Texas Tacos Transcend Culinary Borders

January 19, 2023

By José R. Ralat @https://www.texasmonthly.com/

Fifty years ago, the tacos most Texans ate—breakfast tacos, barbecue tacos, and crispy tacos—originated in the foodways of South Texas. Not anymore. Today tacos hail from all over and have become a vessel for cultural bridge-building in a wildly multicultural state. The taco is a culinary welcome wagon, inviting Texans to be more adventurous in their eating habits while offering immigrant diners and restaurateurs a passage into American cuisine. Immigrants from around the world and their descendants are adapting their dishes to create new fillings for the familiar tortilla. “I don’t want to say it’s easy to put something in a taco, but it’s more approachable for a lot of people,” says Anna Swann, owner of the Dallas pop-up Ulam Modern Filipino Kitchen.

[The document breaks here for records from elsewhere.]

Definition agree_upto t (x y : Omega) := forall s, (1 <= s <= t)%N -> X s x = X s y.

(* The sets invariant under agreement up to time [t] form a sigma-algebra
   containing the generators of [Ftime t]. *)
Lemma Ftime_agree t (A : set Omega) x y : Ftime t A -> agree_upto t x y -> A x -> A y.
Proof.
pose G := [set B : set Omega | forall x y, agree_upto t x y -> B x -> B y].
have sG : sigma_algebra setT G.
  split.
  - by move=> ? ?.
  - move=> B GB u v uv [_ nBu]; split=> // Bv; apply: nBu; apply: (GB v u) => // s hs.
    by rewrite (uv s hs).
  - by move=> F GF u v uv [n _ Fu]; exists n => //; exact: (GF n u v).
have : Ftime t `<=` G.
  apply: smallest_sub => // B [s [b [hs ->]]] u v uv /=; by rewrite (uv s hs).
by move=> /[apply]; apply.
Qed.

Lemma measurable_finite_at tau : stopping_time tau -> measurable (finite_at tau).
Proof.
move=> st.
have -> : finite_at tau = \bigcup_r [set x | exists s, tau x = Some s /\ (s <= r)%N].
  rewrite /finite_at; apply/seteqP; split => x /=; last by move=> [r _ [s [-> _]]].
  by case hx: (tau x) => [s|//] _; exists s => //; exists s.
by apply: bigcupT_measurable => r; exact: Ftime_measurable (st r).
Qed.

Lemma stopping_time_cst t : stopping_time (fun=> Some t).
Proof.
move=> s; case: (leqP t s) => ts.
  rewrite (_ : [set x | _] = setT); first exact: FtimeT.
  by apply/seteqP; split=> // x _; exists t.
rewrite (_ : [set x | _] = set0); first exact: Ftime0.
by apply/seteqP; split=> // x [_ [[<-]]]; rewrite leqNgt ts.
Qed.

Lemma stopping_time_if k (A : pred Omega) sigma rho :
  Ftime k [set x | A x] -> stopping_time sigma -> stopping_time rho ->
  (forall x s, sigma x = Some s -> (k <= s)%N) ->
  (forall x s, rho x = Some s -> (k <= s)%N) ->
  stopping_time (fun x => if A x then sigma x else rho x).
Proof.
move=> FA st_sigma st_rho k_sigma k_rho s.
rewrite (_ : [set x | _] =
    ([set x | A x] `&` [set x | exists r, sigma x = Some r /\ (r <= s)%N]) `|`
    (~` [set x | A x] `&` [set x | exists r, rho x = Some r /\ (r <= s)%N])); last first.
  by apply/seteqP; split=> x /=; case: (A x) => /=; firstorder.
case: (leqP k s) => ks.
  by apply: FtimeU; apply: FtimeI => //; apply: (Ftime_mono ks) => //; exact: FtimeC.
rewrite (_ : [set x | exists r, sigma x = Some r /\ _] = set0); last first.
  by apply/seteqP; split=> // x [r [/k_sigma kr rs]]; move: ks; rewrite ltnNge (leq_trans kr rs).
rewrite (_ : [set x | exists r, rho x = Some r /\ _] = set0); last first.
  by apply/seteqP; split=> // x [r [/k_rho kr rs]]; move: ks; rewrite ltnNge (leq_trans kr rs).
by rewrite !setI0 setU0; exact: Ftime0.
Qed.

Definition hitting (H : nat -> set Omega) (x : Omega) : option nat :=
  match pselect (exists r, `[< H r x >]) with
  | left h => Some (ex_minn h)
  | right _ => None
  end.

Lemma hittingP (H : nat -> set Omega) x : (exists r, H r x) ->
  exists2 m, hitting H x = Some m & H m x.
Proof.
move=> [r Hr]; rewrite /hitting; case: pselect => [h|[]]; last by exists r; exact/asboolP.
by exists (ex_minn h) => //; case: ex_minnP => m /asboolP.
Qed.

Lemma hitting_Some (H : nat -> set Omega) x m : hitting H x = Some m -> H m x.
Proof.
by rewrite /hitting; case: pselect => // h [<-]; case: ex_minnP => m' /asboolP.
Qed.

Lemma finite_at_hitting (H : nat -> set Omega) :
  finite_at (hitting H) = \bigcup_r H r.
Proof.
rewrite /finite_at; apply/seteqP; split=> x /=.
  by case hx: (hitting H x) => [m|//] _; exists m => //; exact: hitting_Some hx.
by move=> [r _ Hr]; have [m -> _] := hittingP (ex_intro _ r Hr).
Qed.

Lemma stopping_time_hitting (H : nat -> set Omega) :
  (forall r, Ftime r (H r)) -> stopping_time (hitting H).
Proof.
move=> FH t.
rewrite (_ : [set x | _] = \bigcup_(r in [set r | (r <= t)%N]) H r).
  by apply: Ftime_bigcup => r rt; exact: Ftime_mono rt (FH r).
apply/seteqP; split=> x /=.
  by move=> [m [/hitting_Some Hm mt]]; exists m.
move=> [r rt Hr]; rewrite /hitting; case: pselect => [h|[]]; last by exists r; exact/asboolP.
exists (ex_minn h); split=> //; case: ex_minnP => m _ /(_ r (asboolT Hr)) mr.
exact: leq_trans mr rt.
Qed.

(** * Cylinder probabilities *)

Definition gcyl n (J b : nat -> bool) : set Omega :=
  [set x | forall t, (1 <= t <= n)%N -> J t -> X t x = b t].

Lemma Ftime_gcyl n J b : Ftime n (gcyl n J b).
Proof.
elim: n => [|n IH].
  rewrite (_ : gcyl 0 J b = setT); first exact: FtimeT.
  by apply/seteqP; split => // x _ t /andP[t1 t0]; move: (leq_trans t1 t0).
rewrite (_ : gcyl n.+1 J b = gcyl n J b `&`
    (if J n.+1 then X n.+1 @^-1` [set b n.+1] else setT)).
  apply: FtimeI; first exact: Ftime_mono (leqnSn n) IH.
  by case: (J n.+1); [apply: Ftime_X; rewrite leqnn|exact: FtimeT].
apply/seteqP; split => x /=.
  move=> h; split; first by move=> t /andP[t1 tn]; apply: h; rewrite t1 (leq_trans tn).
  by case Jn: (J n.+1) => //; apply: h; rewrite ?leqnn.
move=> [h1 h2] t /andP[t1]; rewrite leq_eqVlt => /orP[/eqP ->|tn] Jt.
  by move: h2; rewrite Jt.
by apply: h1 => //; rewrite t1 -ltnS.
Qed.

Lemma measurable_gcyl n J b : measurable (gcyl n J b).
Proof. by apply: Ftime_measurable; exact: Ftime_gcyl. Qed.

Lemma gcyl_predT n b : gcyl n predT b = cyl n b.
Proof. by apply/seteqP; split=> x h t ht; [apply: h|move=> _; apply: h]. Qed.

Lemma gcyl_split n J b s : (1 <= s <= n)%N -> ~~ J s ->
  gcyl n J b = gcyl n (predU J (pred1 s)) [eta b with s |-> true] `|`
               gcyl n (predU J (pred1 s)) [eta b with s |-> false].
Proof.
move=> sn nJs; apply/seteqP; split => x.
  move=> h; case hx: (X s x); [left|right] => t ht /orP[Jt|/eqP ->] /=;
    rewrite ?eqxx //; case: eqVneq => [ts|_]; do ?exact: h;
    by move: nJs; rewrite -ts Jt.
move=> [] h t ht Jt; rewrite (h t ht) /= ?Jt //;
  by case: eqVneq => [ts|//]; move: nJs; rewrite -ts Jt.
Qed.

Lemma gcyl_split_disj n J b s : (1 <= s <= n)%N ->
  gcyl n (predU J (pred1 s)) [eta b with s |-> true] `&`
  gcyl n (predU J (pred1 s)) [eta b with s |-> false] = set0.
Proof.
move=> sn; apply/seteqP; split => // x [h1 h2].
by move: (h1 s sn) (h2 s sn) => /=; rewrite eqxx orbT => /(_ isT) -> /(_ isT).
Qed.

Definition zeros_after (v : bool) n : set Omega :=
  [set x | X 1 x = v /\ forall t, (n < t)%N -> X t x = false].

Lemma measurable_zeros_after v n : measurable (zeros_after v n).
Proof.
have -> : zeros_after v n = X 1 @^-1` [set v] `&`
    \bigcap_t [set x | (n < t)%N -> X t x = false].
  apply/seteqP; split => x /= [h1 h2]; split=> //.
    by move=> t _; exact: h2.
  by move=> t; exact: h2 t I.
apply: measurableI; first exact: measurable_X.
apply: bigcapT_measurable => t; case: ltnP => nt.
  rewrite (_ : [set x | true -> X t x = false] = X t @^-1` [set false]).
    by apply: measurable_X; exact: leq_trans (ltn0Sn n) nt.
  by apply/seteqP; split=> x /= h; [exact: h|move=> _].
rewrite (_ : [set x | false -> X t x = false] = setT) //.
by apply/seteqP; split=> // x _.
Qed.

Lemma count_predC_predU1 (J : pred nat) s l : ~~ J s ->
  count (predC J) l = (count (predC (predU J (pred1 s))) l + count (pred1 s) l)%N.
Proof.
move=> nJs; elim: l => //= x l ->.
case: (eqVneq x s) => [->|xs]; first by rewrite (negbTE nJs) /= addnS.
by rewrite orbF /= add0n addnA.
Qed.

Section cylinder_law.
Variables (R : realType) (q : bool -> nat -> R) (P : probability Omega R).
Hypothesis hP : forall n b, (1 <= n)%N -> P (cyl n b) = (cyl_prob q n b)%:E.

Definition cyl_weight (b : nat -> bool) t : R :=
  if b t then q (b 1%N) t else 1 - q (b 1%N) t.

Lemma prod_cyl_weight_with n (J : pred nat) b s v : (2 <= s <= n)%N -> ~~ J s ->
  \prod_(2 <= t < n.+1 | predU J (pred1 s) t) cyl_weight [eta b with s |-> v] t =
  (if v then q (b 1%N) s else 1 - q (b 1%N) s) *
  \prod_(2 <= t < n.+1 | J t) cyl_weight b t.
Proof.
move=> /andP[s2 sn] nJs.
have s1 : (1%N == s) = false by apply/negbTE; rewrite neq_ltn (leq_trans _ s2).
rewrite big_mkcond (bigD1_seq s) ?mem_index_iota ?s2 ?iota_uniq //=.
rewrite [in RHS]big_mkcond (bigD1_seq s) ?mem_index_iota ?s2 ?iota_uniq //=.
rewrite eqxx orbT (negbTE nJs) mul1r /cyl_weight /= eqxx s1; congr (_ * _).
by apply: eq_bigr => t /negbTE ts; rewrite ts orbF.
Qed.

(* Induction on the number of coordinates in [2, n] left free by [J]: freeing
   one more coordinate splits the generalized cylinder into two. *)
Lemma prob_gcyl n (J : pred nat) b : (1 <= n)%N -> J 1%N ->
  P (gcyl n J b) = (2^-1 * \prod_(2 <= t < n.+1 | J t) cyl_weight b t)%:E.
Proof.
move=> n1; have [k] : exists k, count (predC J) (index_iota 2 n.+1) = k by eexists.
elim: k J b => [|k IH] J b free J1.
  have Jt t : (1 <= t <= n)%N -> J t.
    move=> /andP[]; rewrite leq_eqVlt => /orP[/eqP <- //|t2 tn].
    apply/negPn/negP => nJt; move: free => /eqP; apply/negP; rewrite -lt0n -has_count.
    by apply/hasP; exists t; rewrite ?mem_index_iota ?t2.
  rewrite (_ : gcyl n J b = cyl n b); last first.
    by rewrite -gcyl_predT; apply/seteqP; split=> x h t ht _; apply: h => //; exact: Jt.
  rewrite hP // /cyl_prob; congr (_%:E); congr (_ * _).
  rewrite big_nat_cond [RHS]big_nat_cond; apply: eq_bigl => t.
  case/boolP: (2 <= t < n.+1)%N => //= /andP[t2 tn].
  by rewrite Jt // (leq_trans _ t2) -ltnS.
have /hasP[s] : has (predC J) (index_iota 2 n.+1) by rewrite has_count free.
rewrite mem_index_iota => /andP[s2 sn] /= nJs.
have sn' : (2 <= s <= n)%N by rewrite s2 -ltnS.
have s1n : (1 <= s <= n)%N by rewrite (leq_trans _ s2) -ltnS.
rewrite (gcyl_split b s1n nJs) measureU ?gcyl_split_disj //; try exact: measurable_gcyl.
have free' : count (predC (predU J (pred1 s))) (index_iota 2 n.+1) = k.
  move: free; rewrite (count_predC_predU1 _ nJs) count_uniq_mem ?iota_uniq //.
  by rewrite mem_index_iota s2 sn addn1 => -[].
have J1' : predU J (pred1 s) 1%N by rewrite /= J1.
transitivity
  ((2^-1 * \prod_(2 <= t < n.+1 | predU J (pred1 s) t) cyl_weight [eta b with s |-> true] t)%:E +
   (2^-1 * \prod_(2 <= t < n.+1 | predU J (pred1 s) t) cyl_weight [eta b with s |-> false] t)%:E).
  by congr (_ + _); apply: IH.
by rewrite -EFinD !prod_cyl_weight_with //; congr (_%:E); ring.
Qed.

Lemma prob_X1 v : P (X 1 @^-1` [set v]) = (2^-1)%:E.
Proof.
have -> : X 1 @^-1` [set v] = cyl 1 (fun _ => v).
  by apply/seteqP; split => x /= h; [move=> t; rewrite -eqn_leq => /eqP <-|apply: h].
by rewrite hP // /cyl_prob big_geq ?mulr1.
Qed.

Lemma prob_X1_Xt v t : (2 <= t)%N ->
  P (X 1 @^-1` [set v] `&` X t @^-1` [set true]) = (2^-1 * q v t)%:E.
Proof.
move=> t2; have t1 : (t == 1%N) = false by apply/negbTE; rewrite neq_ltn t2 orbT.
have -> : X 1 @^-1` [set v] `&` X t @^-1` [set true] =
    gcyl t [pred u | (u == 1%N) || (u == t)] [eta (fun=> true) with 1%N |-> v].
  apply/seteqP; split => x /=.
    by move=> [h1 h2] u hu /orP[]/eqP -> /=; rewrite ?t1 ?eqxx.
  move=> h; split; first by rewrite (h 1%N) ?(leq_trans _ t2).
  by rewrite (h t) /= ?t1 ?eqxx ?orbT ?leqnn ?(leq_trans _ t2).
rewrite prob_gcyl ?(leq_trans _ t2) //; congr (_%:E); congr (_ * _).
rewrite big_mkcond big_nat_recr //= big1_seq ?mul1r.
  by rewrite eqxx orbT /cyl_weight /= t1.
move=> u /=; rewrite mem_index_iota => /andP[u2 ut].
by rewrite ifF //; apply/negbTE; rewrite negb_or !neq_ltn u2 ut orbT.
Qed.

Lemma prob_zeros_after_le v n k : (1 <= n)%N ->
  (P (zeros_after v n) <= (2^-1 * \prod_(n.+1 <= t < (n + k).+1) (1 - q v t))%:E)%E.
Proof.
move=> n1; pose J := [pred u | (u == 1%N) || (n < u)%N].
pose b := [eta (fun=> false) with 1%N |-> v].
have sub : zeros_after v n `<=` gcyl (n + k) J b.
  move=> x [h1 h2] u /andP[u1 _] /orP[/eqP ->|nu] /=; first by [].
  by rewrite h2 // ifF //; apply/negbTE; rewrite neq_ltn (leq_ltn_trans n1 nu) orbT.
suff <- : \prod_(2 <= t < (n + k).+1 | J t) cyl_weight b t =
          \prod_(n.+1 <= t < (n + k).+1) (1 - q v t).
  rewrite -prob_gcyl ?(leq_trans n1) ?leq_addr //.
  by apply: le_measure sub; rewrite inE; [exact: measurable_zeros_after|exact: measurable_gcyl].
rewrite big_mkcond (big_cat_nat _ (n:=n.+1)) //=; last by rewrite ltnS leq_addr.
rewrite big1_seq ?mul1r; last first.
  move=> u /=; rewrite mem_index_iota => /andP[u2 un].
  by rewrite ifF //; apply/negbTE; rewrite negb_or neq_ltn u2 orbT -leqNgt -ltnS.
apply: eq_big_nat => u /andP[nu _].
have u1 : (u == 1%N) = false by apply/negbTE; rewrite neq_ltn (leq_trans _ nu) ?orbT.
by rewrite /= u1 nu /cyl_weight /b /= u1.
Qed.

End cylinder_law.

Lemma geometric_half_lt (R : archiRealFieldType) (e : R) : 0 < e -> exists k, 2^-1 ^+ k < e.
Proof.
move=> e0; have /archi_boundP : 0 <= e^-1 by rewrite invr_ge0 ltW.
set k := Num.bound _ => ek.
exists k; rewrite exprVn -invf_plt ?posrE ?exprn_gt0 //.
by apply: lt_le_trans ek _; rewrite -natrX ler_nat ltnW // ltn_expl.
Qed.

Section fair_first_coordinate.
Local Open Scope ereal_scope.
Variables (R : realType) (q : bool -> nat -> R) (P : probability Omega R).
Hypothesis hP : forall n b, (1 <= n)%N -> P (cyl n b) = (cyl_prob q n b)%:E.
Variable a : bool.
Hypothesis q_fair : forall t, q a t = 2^-1%R.

Lemma prob_zeros_after_fair n : (1 <= n)%N -> P (zeros_after a n) = 0.
Proof.
move=> n1; apply/eqP; rewrite eq_le measure_ge0 andbT.
apply/lee_addgt0Pr => e e0; rewrite add0e.
have [k hk] := geometric_half_lt e0.
apply: le_trans (prob_zeros_after_le hP a k n1) _.
rewrite (eq_bigr (fun=> 2^-1%R)) => [|t _]; last by rewrite q_fair; lra.
rewrite prodr_const_nat subSS addKn lee_fin.
by apply: le_trans (ltW hk); rewrite ler_piMl ?exprn_ge0 // invf_le1 // ler1n.
Qed.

For anyone raised on tacos, it’s not a huge leap to consume Swann’s signature sisig, a mixed-meat dish composed of pork head and shoulder, seasoned with onions, chiles, and citrus fruit, and nestled in a gossamer flour tortilla. It resembles discada, a mixed-meat preparation popular along the border. This isn’t exactly shocking. From the sixteenth to the early nineteenth centuries, the Philippines and Mexico, with a shared history of Spanish colonization, were connected by the trade route between Manila and Acapulco, which promoted the exchange of fruits and spices.